The town is in the northeastern part of the county. U.S. Route 9W, U.S. Route 202, and the Palisades Interstate Parkway are major north-south routes through the town. Stony Point is included in the North Rockland Central School District. It is the most rural of the five towns in Rockland County.

Life in Stony Point, NY 
Stony Point, New York is a town that many call home for the suburban style vibe. The town contains numerous strip malls alongside Route 9W, which have a variety of stores and shops. Many residents frequently enjoy the events at the local library, Rose Memorial Library. It's also relatively close to the city of Nyack, New York. It's also just 40 miles north New York City.

As of 2020, the median price for a single family home was around $420,000. To rent an entire home in Stony Point, it cost between a range of $1,300-$3,000.

History 

During the American Revolution, the King's Ferry in Stony Point linked New York and the southern colonies with New England; it was used many times by General George Washington's Continental Army, and in 1781 Washington's French allies used it on their way to the Battle of Yorktown.

The economy of the town improved upon the rediscovery of limestone deposits in the 19th century. The town of Stony Point was founded in 1865 from the northern part of the town of Haverstraw.

Battle of Stony Point 
During the American Revolution, defending the area of Stony Point was crucial. Even George Washington himself prioritized keeping Stony Point, along with the areas around it safe. The importance of controlling that area was crucial to the control of West Point, which is why Washington found taking back the area so important. Washington assigned Major Henry Lee and General Anthony Wayne as the men in charge, and knew the importance of controlling the area.

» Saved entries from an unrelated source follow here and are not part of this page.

Lemma riesz_decomposition y a b : lef 0 a -> lef 0 b -> lef 0 y -> lef y (a + b) ->
  exists y1 y2, [/\ lef 0 y1 /\ lef y1 a, lef 0 y2 /\ lef y2 b & y = y1 + y2].
Proof.
move=> a_ge0 b_ge0 y_ge0 ley; exists (mt y a), (y - mt y a); split.
- by split; [apply: meet_greatest | apply: meet_lb_r].
- split; first by apply/subr_gef0/meet_lb_l.
  rewrite meetE opprK addrC -joinDr addNr; apply: join_least => //.
  by rewrite addrC; apply/lefBlDr; rewrite addrC.
- by rewrite addrC subrK.
Qed.

Lemma lef_labsB a c : lef a (lab (a - c) + c).
Proof. by apply/lefBlDr/lef_labs. Qed.

Lemma birkhoff_join a b c d : lef (lab (jn a b - jn c d)) (lab (a - c) + lab (b - d)).
Proof.
have key a' b' c' d' : lef (jn a' b' - jn c' d') (lab (a' - c') + lab (b' - d')).
  have le_join_add s z w : lef 0 s -> lef z (s + jn z w) /\ lef w (s + jn z w).
    by move=> s_ge0; split; apply: (Defs.le_trans _ (lef_addl _ s_ge0));
      [apply: join_ub_l | apply: join_ub_r].
  apply/lefBlDr/join_least.
  - apply: Defs.le_trans (lef_labsB a' c') _; rewrite -addrA; apply: lef_add2l.
    exact: (le_join_add _ _ _ (labs_ge0 _)).1.
  - apply: Defs.le_trans (lef_labsB b' d') _.
    rewrite [lab (a' - c') + _]addrC -addrA; apply: lef_add2l.
    exact: (le_join_add _ _ _ (labs_ge0 _)).2.
apply: join_least; first exact: key.
by rewrite opprB -(labsN (a - c)) -(labsN (b - d)) !opprB; apply: key.
Qed.
(* Let $G$ be a group acting geometrically on a systolic complex $X$ and let $h\in G$ be a hyperbolic isometry. Let $K\ge L(h)$ be an integer. Then there exists $C>0$ such that for all integers $K'$ with $L(h)\le K'\le K$ we have $\mathrm{Disp}_K(h)\subset B_C(\mathrm{Disp}_{K'}(h),X)$.
   Context: $X$ is a systolic complex (simply connected simplicial complex with flag, $6$-large vertex links, where $6$-large means every embedded cycle of length $4$ or $5$ has a diagonal), with the combinatorial metric $d$ on vertices. The action is geometric: by simplicial automorphisms, with finite vertex stabilisers, and cocompact. An isometry (simplicial automorphism) $h$ is hyperbolic if it fixes no simplex of $X$. $L(h)=\min_x d(x,h x)$ over vertices $x$ (the translation length). For an integer $K\ge L(h)$, $\mathrm{Disp}_K(h)$ is the subcomplex spanned by all vertices $x$ with $d(x,hx)\le K$. For a subcomplex $A$, $B_C(A,X)$ is the union over vertices $v\in A$ of the balls $B_C(v,X)$, where $B_C(v,X)$ is the subcomplex spanned by vertices at distance $\le C$ from $v$. *)

(* A flag simplicial complex X is represented by its 1-skeleton:
   a vertex type V with a symmetric irreflexive adjacency relation; the
   simplices of X are exactly the nonempty finite cliques (flagness). *)
From Stdlib Require Import List Arith Relations.
Import ListNotations.
Set Implicit Arguments.

Section Defs.
Variable V : Type.
Variable adj : V -> V -> Prop.

Definition graph_ok : Prop :=
  (forall x, ~ adj x x) /\ (forall x y, adj x y -> adj y x).

Definition is_simplex (s : list V) : Prop :=
  s <> [] /\ forall x y, In x s -> In y s -> x <> y -> adj x y.

Definition same_set (s t : list V) : Prop := forall x, In x s <-> In x t.

Inductive walk : V -> V -> nat -> Prop :=
| walk_nil x : walk x x 0
| walk_cons x z y n : adj x z -> walk z y n -> walk x y (S n).

Definition dist_le (x y : V) (n : nat) : Prop := exists m, m <= n /\ walk x y m.

Definition connected : Prop := inhabited V /\ forall x y, exists n, walk x y n.

Definition simp (x y : V) : Prop := x = y \/ adj x y.

Fixpoint edge_path (l : list V) : Prop :=
  match l with
  | x :: ((y :: _) as t) => simp x y /\ edge_path t
  | _ => True
  end.

Inductive elem_move : list V -> list V -> Prop :=
| em_tri l1 l2 x y z : simp x y -> simp y z -> simp x z ->
    elem_move (l1 ++ x :: y :: z :: l2) (l1 ++ x :: z :: l2)
| em_dup l1 l2 x : elem_move (l1 ++ x :: x :: l2) (l1 ++ x :: l2).

Definition homotopic : list V -> list V -> Prop := clos_refl_sym_trans _ elem_move.

Definition simply_connected : Prop :=
  connected /\
  forall x l, edge_path (x :: l) -> last (x :: l) x = x -> homotopic (x :: l) [x].

(* the link of v (a full subcomplex on the neighbours of v, by flagness) is
   6-large: every embedded cycle of length 4 or 5 in it has a diagonal *)
Definition link_6large (v : V) : Prop :=
  forall (n : nat) (c : nat -> V),
    (n = 4 \/ n = 5) ->
    (forall i, i < n -> adj v (c i)) ->
    (forall i j, i < n -> j < n -> c i = c j -> i = j) ->
    (forall i, i < n -> adj (c i) (c (S i mod n))) ->
    exists i j, i < n /\ j < n /\ j <> i /\ j <> S i mod n /\ i <> S j mod n /\
                adj (c i) (c j).

Definition systolic : Prop :=
  graph_ok /\ simply_connected /\ forall v, link_6large v.

Definition transl_length (f : V -> V) (L : nat) : Prop :=
  (exists x, dist_le x (f x) L) /\ forall x n, dist_le x (f x) n -> L <= n.

Definition in_Disp (f : V -> V) (K : nat) (x : V) : Prop := dist_le x (f x) K.

(* Disp_K(f) ⊂ B_C(Disp_K'(f), X) as subcomplexes: every simplex of the full
   subcomplex Disp_K(f) lies in some ball B_C(v, X) with v a vertex of Disp_K'(f) *)
Definition Disp_in_ball (f : V -> V) (K K' C : nat) : Prop :=
  forall s, is_simplex s -> (forall x, In x s -> in_Disp f K x) ->
    exists v, in_Disp f K' v /\ forall x, In x s -> dist_le v x C.

Definition hyperbolic (f : V -> V) : Prop :=
  forall s, is_simplex s -> ~ same_set (map f s) s.
End Defs.

Definition is_group (G : Type) (mul : G -> G -> G) (one : G) (inv : G -> G) : Prop :=
  (forall a b c, mul a (mul b c) = mul (mul a b) c) /\
  (forall a, mul one a = a) /\ (forall a, mul a one = a) /\
  (forall a, mul (inv a) a = one) /\ (forall a, mul a (inv a) = one).

(* geometric action: by simplicial automorphisms, finite vertex stabilisers,
   cocompact (finitely many orbits of simplices) *)
Definition geometric_action (G V : Type) (adj : V -> V -> Prop)
    (mul : G -> G -> G) (one : G) (act : G -> V -> V) : Prop :=
  (forall x, act one x = x) /\
  (forall g h x, act (mul g h) x = act g (act h x)) /\
  (forall g x y, adj x y <-> adj (act g x) (act g y)) /\
  (forall v, exists l : list G, forall g, act g v = v -> In g l) /\
  (exists reps : list (list V), forall s, is_simplex adj s ->
      exists r g, In r reps /\ same_set s (map (act g) r)).

(* By cocompactness
   every vertex x of Disp_K(h) is g x0 with x0 in a finite set R of orbit
   representatives, and then x0 lies in Disp_K(g^-1 h g).  Properness makes the
   set of conjugates k moving some x0 in R by at most K finite; for each such
   pair (x0, k) fix a vertex of Disp_L(k) (nonempty, as k is conjugate to h) and
   let C bound its distance to x0.  Translating back by g puts a vertex of
   Disp_L(h) within C of x, hence within C + 1 of every simplex through x. *)

From Stdlib Require Import List Arith Lia Classical.
Import ListNotations.
Set Implicit Arguments.

Definition finite (A : Type) (P : A -> Prop) : Prop :=
  exists l, forall a, P a -> In a l.

Lemma finite_big_union (A B : Type) (N : list A) (Q : A -> B -> Prop) :
  (forall a, In a N -> finite (Q a)) ->
  finite (fun b => exists a, In a N /\ Q a b).
Proof.
  induction N as [|a N IH]; intros HQ.
  - exists []. intros b (a & [] & _).
  - destruct (HQ a (or_introl eq_refl)) as [l1 H1].
    destruct IH as [l2 H2]; [intros; apply HQ; now right|].
    exists (l1 ++ l2). intros b (a' & [<-|Ha'] & Hq); apply in_or_app.
    + left; auto.
    + right; apply H2; eauto.
Qed.

Lemma exists_uniform_bound (A : Type) (N : list A) (P : A -> nat -> Prop) :
  (forall a n n', n <= n' -> P a n -> P a n') ->
  (forall a, In a N -> exists n, P a n) ->
  exists C, forall a, In a N -> P a C.
Proof.
  intros Pmono; induction N as [|a N IH]; intros HP.
  - exists 0. intros a [].
  - destruct (HP a (or_introl eq_refl)) as [n Hn].
    destruct IH as [C HC]; [intros; apply HP; now right|].
    exists (max n C). intros a' [<-|Ha'].
    + apply (Pmono _ n); [lia | exact Hn].
    + apply (Pmono _ C); [lia | auto].
Qed.

Section Graph.
Variable V : Type.
Variable adj : V -> V -> Prop.

Lemma walk_map (f : V -> V) :
  (forall a b, adj a b -> adj (f a) (f b)) ->
  forall a b n, walk adj a b n -> walk adj (f a) (f b) n.
Proof. intros Hf a b n W; induction W; econstructor; eauto. Qed.

Lemma walk_snoc a b c n : walk adj a b n -> adj b c -> walk adj a c (S n).
Proof.
  intros W; induction W; intros Hbc; econstructor; eauto. constructor.
Qed.

Lemma dist_le_map (f : V -> V) :
  (forall a b, adj a b -> adj (f a) (f b)) ->
  forall a b n, dist_le adj a b n -> dist_le adj (f a) (f b) n.
Proof. intros Hf a b n (m & Hm & W). exists m. split; [exact Hm | now apply walk_map]. Qed.

Lemma dist_le_mono a b n n' : n <= n' -> dist_le adj a b n -> dist_le adj a b n'.
Proof. intros Hn (m & Hm & W). exists m. split; [lia | exact W]. Qed.

Lemma dist_le_snoc a b c n : dist_le adj a b n -> adj b c -> dist_le adj a c (S n).
Proof. intros (m & Hm & W) Hbc. exists (S m). split; [lia | eapply walk_snoc; eauto]. Qed.

Lemma dist_le_simplex v s x n :
  is_simplex adj s -> In x s -> dist_le adj v x n ->
  forall y, In y s -> dist_le adj v y (S n).
Proof.
  intros [_ Hs] Hx Hvx y Hy.
  destruct (classic (x = y)) as [<-|Hxy].
  - exact (dist_le_mono (le_S _ _ (le_n n)) Hvx).
  - exact (dist_le_snoc Hvx (Hs x y Hx Hy Hxy)).
Qed.

Lemma ball_finite :
  (forall v, finite (adj v)) -> forall n x, finite (fun y => dist_le adj x y n).
Proof.
  intros Hnb; induction n as [|n IH]; intros x.
  - exists [x]. intros y (m & Hm & W).
    replace m with 0 in W by lia. inversion W; subst. now left.
  - destruct (Hnb x) as [N HN].
    destruct (finite_big_union N (fun z y => dist_le adj z y n)) as [l Hl].
    { intros z _. apply IH. }
    exists (x :: l). intros y (m & Hm & W). inversion W as [|? z ? m' Hxz Wzy]; subst.
    + now left.
    + right. apply Hl. exists z. split; [now apply HN|]. exists m'. split; [lia | exact Wzy].
Qed.

Hypothesis adj_connected : forall x y, exists n, walk adj x y n.

Lemma uniform_distance_bound (I : Type) (pts : list I) (base : I -> V)
    (S : I -> V -> Prop) :
  exists C, forall i, In i pts -> (exists y, S i y) ->
    exists y, S i y /\ dist_le adj y (base i) C.
Proof.
  apply exists_uniform_bound.
  - intros i n n' Hn HP Hne. destruct (HP Hne) as (y & Hy & Hd).
    exists y. split; [exact Hy | exact (dist_le_mono Hn Hd)].
  - intros i _. destruct (classic (exists y, S i y)) as [[y Hy]|Hempty].
    + destruct (adj_connected y (base i)) as [n W].
      exists n. intros _. exists y. split; [exact Hy|]. exists n. split; auto.
    + exists 0. intros Hne. contradiction.
Qed.

End Graph.

Section GeometricAction.
Variables (V G : Type) (adj : V -> V -> Prop).
Variables (mul : G -> G -> G) (one : G) (inv : G -> G) (act : G -> V -> V).
Hypothesis Hgrp : is_group mul one inv.
Hypothesis Hgeo : geometric_action adj mul one act.
Hypothesis adj_sym : forall x y, adj x y -> adj y x.

Lemma act_mul g k x : act (mul g k) x = act g (act k x).
Proof. destruct Hgeo as (_ & H & _). apply H. Qed.

Lemma act_inv_l g x : act (inv g) (act g x) = x.
Proof.
  destruct Hgrp as (_ & _ & _ & Hinv & _). destruct Hgeo as (Hone & _).
  now rewrite <- act_mul, Hinv, Hone.
Qed.

Lemma act_inv_r g x : act g (act (inv g) x) = x.
Proof.
  destruct Hgrp as (_ & _ & _ & _ & Hinv). destruct Hgeo as (Hone & _).
  now rewrite <- act_mul, Hinv, Hone.
Qed.

Lemma adj_act g x y : adj x y -> adj (act g x) (act g y).
Proof. destruct Hgeo as (_ & _ & H & _). apply H. Qed.

Lemma dist_le_act g x y n : dist_le adj x y n -> dist_le adj (act g x) (act g y) n.
Proof. apply dist_le_map, adj_act. Qed.

(* The transporter from a to v is a coset k Stab(a), finite with Stab(a). *)
Lemma transporter_finite a v : finite (fun g => act g a = v).
Proof.
  destruct Hgrp as (Hassoc & Hone_l & _ & _ & Hinv_r).
  destruct Hgeo as (_ & _ & _ & Hstab & _).
  destruct (classic (exists k, act k a = v)) as [[k Hk]|Hnone].
  - destruct (Hstab a) as [l Hl]. exists (map (mul k) l).
    intros g Hg. replace g with (mul k (mul (inv k) g)).
    + apply in_map, Hl. now rewrite act_mul, Hg, <- Hk, act_inv_l.
    + now rewrite Hassoc, Hinv_r, Hone_l.
  - exists []. intros g Hg. apply Hnone. now exists g.
Qed.

Lemma simplex_orbit_reps : exists R : list V, forall s, is_simplex adj s ->
  exists g, forall x, In x s -> exists x0, In x0 R /\ act g x0 = x.
Proof.
  destruct Hgeo as (_ & _ & _ & _ & reps & Hreps).
  exists (concat reps). intros s Hs.
  destruct (Hreps s Hs) as (r & g & Hr & Hsame). exists g.
  intros x Hx. apply Hsame, in_map_iff in Hx as (x0 & Hgx0 & Hx0).
  exists x0. split; [apply in_concat; eauto | exact Hgx0].
Qed.

Lemma neighbours_finite v : finite (adj v).
Proof.
  destruct simplex_orbit_reps as [R HR].
  destruct (finite_big_union R (fun a g => act g a = v)) as [gs Hgs].
  { intros a _. apply transporter_finite. }
  exists (flat_map (fun g => map (act g) R) gs). intros w Hvw.
  assert (Hedge : is_simplex adj [v; w]).
  { split; [discriminate|].
    intros x y [<-|[<-|[]]] [<-|[<-|[]]] Hxy; auto; contradiction. }
  destruct (HR _ Hedge) as [g Hg].
  destruct (Hg v) as (a & Ha & Hga); [now left|].
  destruct (Hg w) as (b & Hb & Hgb); [right; now left|].
  apply in_flat_map. exists g. split.
  - apply Hgs. eauto.
  - rewrite <- Hgb. now apply in_map.
Qed.

Lemma displacing_finite x0 K : finite (fun k => dist_le adj x0 (act k x0) K).
Proof.
  destruct (ball_finite adj neighbours_finite K x0) as [B HB].
  destruct (finite_big_union B (fun y k => act k x0 = y)) as [ks Hks].
  { intros y _. apply transporter_finite. }
  exists ks. intros k Hk. apply Hks. exists (act k x0). split; [now apply HB | reflexivity].
Qed.

Definition conjg (g h : G) : G := mul (inv g) (mul h g).

Lemma in_Disp_conjg g h K y :
  in_Disp adj (act (conjg g h)) K y <-> in_Disp adj (act h) K (act g y).
Proof.
  unfold in_Disp, conjg. rewrite !act_mul. split; intros Hd.
  - apply (dist_le_act g) in Hd. now rewrite act_inv_r in Hd.
  - rewrite <- (act_inv_l g y) at 1. now apply dist_le_act.
Qed.

Hypothesis adj_connected : forall x y, exists n, walk adj x y n.

Lemma Disp_near_Disp h K L :
  (exists z, in_Disp adj (act h) L z) ->
  exists C, forall x, in_Disp adj (act h) K x ->
    exists v, in_Disp adj (act h) L v /\ dist_le adj v x C.
Proof.
  intros [z Hz].
  destruct simplex_orbit_reps as [R HR].
  destruct (finite_big_union R (fun x0 k => in_Disp adj (act k) K x0)) as [ks Hks].
  { intros x0 _. apply displacing_finite. }
  destruct (uniform_distance_bound adj_connected (list_prod R ks) fst
              (fun p => in_Disp adj (act (snd p)) L)) as [C HC].
  exists C. intros x Hx.
  assert (Hpt : is_simplex adj [x]).
  { split; [discriminate|]. intros a b [<-|[]] [<-|[]] Hab. contradiction. }
  destruct (HR _ Hpt) as [g Hg].
  destruct (Hg x) as (x0 & Hx0 & <-); [now left|].
  assert (Hk : In (conjg g h) ks).
  { apply Hks. exists x0. split; [exact Hx0 | now apply in_Disp_conjg]. }
  destruct (HC (x0, conjg g h)) as (y0 & Hy0 & Hd); [now apply in_prod | |].
  - exists (act (inv g) z). apply in_Disp_conjg. now rewrite act_inv_r.
  - exists (act g y0). split; [now apply in_Disp_conjg | now apply dist_le_act].
Qed.

End GeometricAction.

Theorem lemma4p2 (V G : Type) (adj : V -> V -> Prop)
    (mul : G -> G -> G) (one : G) (inv : G -> G) (act : G -> V -> V)
    (Hgrp : is_group mul one inv)
    (Hsys : systolic adj)
    (Hgeo : geometric_action adj mul one act)
    (h : G) (Hh : hyperbolic adj (act h))
    (L K : nat) (HL : transl_length adj (act h) L) (HK : L <= K) :
  exists C : nat, 0 < C /\
    forall K' : nat, L <= K' -> K' <= K -> Disp_in_ball adj (act h) K K' C.
Proof.
  destruct Hsys as ((_ & Hsym) & ((_ & Hconn) & _) & _).
  destruct HL as [HDispL _].
  destruct (Disp_near_Disp Hgrp Hgeo Hsym Hconn h K HDispL) as [C HC].
  exists (S C). split; [lia|].
  intros K' HLK' _ s Hs HsK.
  destruct s as [|x s]; [now destruct Hs|].
  destruct (HC x (HsK x (or_introl eq_refl))) as (v & Hv & Hvx).
  exists v. split.
  - exact (dist_le_mono HLK' Hv).
  - exact (dist_le_simplex Hs (or_introl eq_refl) Hvx).
Qed.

Having control of Stony Point would enable Washington to have the most effective line of communication between certain colonies. The geography of the town attributed into the advantages the area had to offer. For example, the rockiness and woods made it a good place to keep watch over the Hudson River. General Wayne planned his attack accordingly, and executed the attack effectively.

Stony Point was controlled by British troops, but Washington wanted control to help take down their strong naval forces. By taking control, the Americans would gain an advantage over the British for the remainder of the war. Although it wasn't a definitive battle, it still played a major role in the outcome of the American Revolution.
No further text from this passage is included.